# a Recent attempt



## Bluesman (May 6, 2021)

Hi...putting this up for comments if you have some time.
I know there are problems with this, but I always appreciate the insight and advice which might be offered. The house to me is way too heavy in value for starters ??
I was quite pleased with the trees in the main


----------



## Fizzy (May 7, 2021)

Hey just new to painting myself so don’t know what help I can be . Love your painting, I like the moody house. The only thing I would say would be to look at the space behind the back trees, not sure if this is a hill behind but it looks like blank space.


----------



## Bluesman (May 6, 2021)

Fizzy said:


> Hey just new to painting myself so don’t know what help I can be . Love your painting, I like the moody house. The only thing I would say would be to look at the space behind the back trees, not sure if this is a hill behind but it looks like blank space.


Hi Fizzy....thanks for your comments........its not a problem that you are new to painting......I have only been doing this myself for a few weeks......maybe 2 months.....so your opinion is as valid as anyones...........yes that was meant to be a hill back there !! LoL......I think what I did wrong was to underpaint the various areas as I started, but I didnt know enough to realise that the distance needs to have some sort of structure even tho its probably going to be hidden for the most part.......I am now trying to get the distance more "complete" without becoming too dark, before moving forwards.

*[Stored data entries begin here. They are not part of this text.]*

Lemma longest_prefix_witness {A : Type} (Q : A -> Prop) (P : nat -> A -> Prop) (a0 : A) :
  Q a0 -> forall n, exists a, Q a /\ forall k, k <= n ->
    (exists b, Q b /\ forall i, i <= k -> P i b) -> forall i, i <= k -> P i a.
Proof.
intros Ha0 n. induction n as [|n IHn].
- destruct (classic (exists b, Q b /\ forall i, i <= 0 -> P i b)) as [[b [Qb Pb]] | Hno].
  + exists b. split; auto. intros k Hk _ i Hi. apply Pb. lia.
  + exists a0. split; auto. intros k Hk Hex. now replace k with 0 in Hex by lia.
- destruct (classic (exists b, Q b /\ forall i, i <= S n -> P i b)) as [[b [Qb Pb]] | Hno].
  + exists b. split; auto. intros k Hk _ i Hi. apply Pb. lia.
  + destruct IHn as [a [Qa Pa]]. exists a. split; auto. intros k Hk Hex. apply Pa; auto.
    destruct (Nat.eq_dec k (S n)) as [-> | Hne]; [contradiction | lia].
Qed.

Lemma update_eq {M : model} (g : var -> U M) v a : update g v a v = a.
Proof. unfold update. now rewrite Nat.eqb_refl. Qed.

Lemma update_neq {M : model} (g : var -> U M) v a w : w <> v -> update g v a w = g w.
Proof. intro Hwv. unfold update. now apply Nat.eqb_neq in Hwv as ->. Qed.

Lemma sat_coincidence M f : forall g h : var -> U M,
  (forall v, free_in v f -> g v = h v) -> sat M g f <-> sat M h f.
Proof.
induction f; intros g h E; cbn in *;
  try (rewrite ?E by auto; reflexivity);
  try (rewrite (IHf g h E); reflexivity);
  try (rewrite (IHf1 g h), (IHf2 g h) by (intros; apply E; auto); reflexivity).
all: assert (K : forall a, sat M (update g v a) f <-> sat M (update h v a) f)
       by (intro a; apply IHf; intros w Hw; unfold update;
           destruct (Nat.eqb_spec w v); auto).
all: now setoid_rewrite K.
Qed.

Lemma sat_ext M f (g h : var -> U M) : (forall v, g v = h v) -> sat M g f <-> sat M h f.
Proof. intro E. apply sat_coincidence. intros v _. apply E. Qed.

Lemma sat_iff_holds_at M f x (g : var -> U M) :
  (forall v, free_in v f -> v = x) -> sat M g f <-> holds_at M f x (g x).
Proof.
intro Hfree. split.
- intros Hg h Hhx. apply (sat_coincidence M f g h); auto.
  intros v Hv. now rewrite (Hfree v Hv).
- intro Hg. now apply Hg.
Qed.

Fixpoint forces (M : model) (I : mi) (w : U M) : Prop :=
  match I with
  | MVar n => iP M n w
  | MBot => False
  | MAnd J K => forces M J w /\ forces M K w
  | MOr J K => forces M J w \/ forces M K w
  | MImp J K => forall v, iR M w v -> forces M J v -> forces M K v
  | MBox J => forall v, iR M w v -> forall u, iRb M v u -> forces M J u
  | MDia J => forall v, iR M w v -> exists u, iRd M v u /\ forces M J u
  end.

hoping to get lots of advice in here

thanks once again
Bluesman


----------



## 3Eggs (Aug 15, 2021)

Bluesman said:


> Hi...putting this up for comments if you have some time.
> I know there are problems with this, but I always appreciate the insight and advice which might be offered. The house to me is way too heavy in value for starters ??
> I was quite pleased with the trees in the main
> View attachment 67012


Well, its very spooky. Entire painting is flat. I suggest you make a pencil drawing and really work on the values, and then work on the painting again.


----------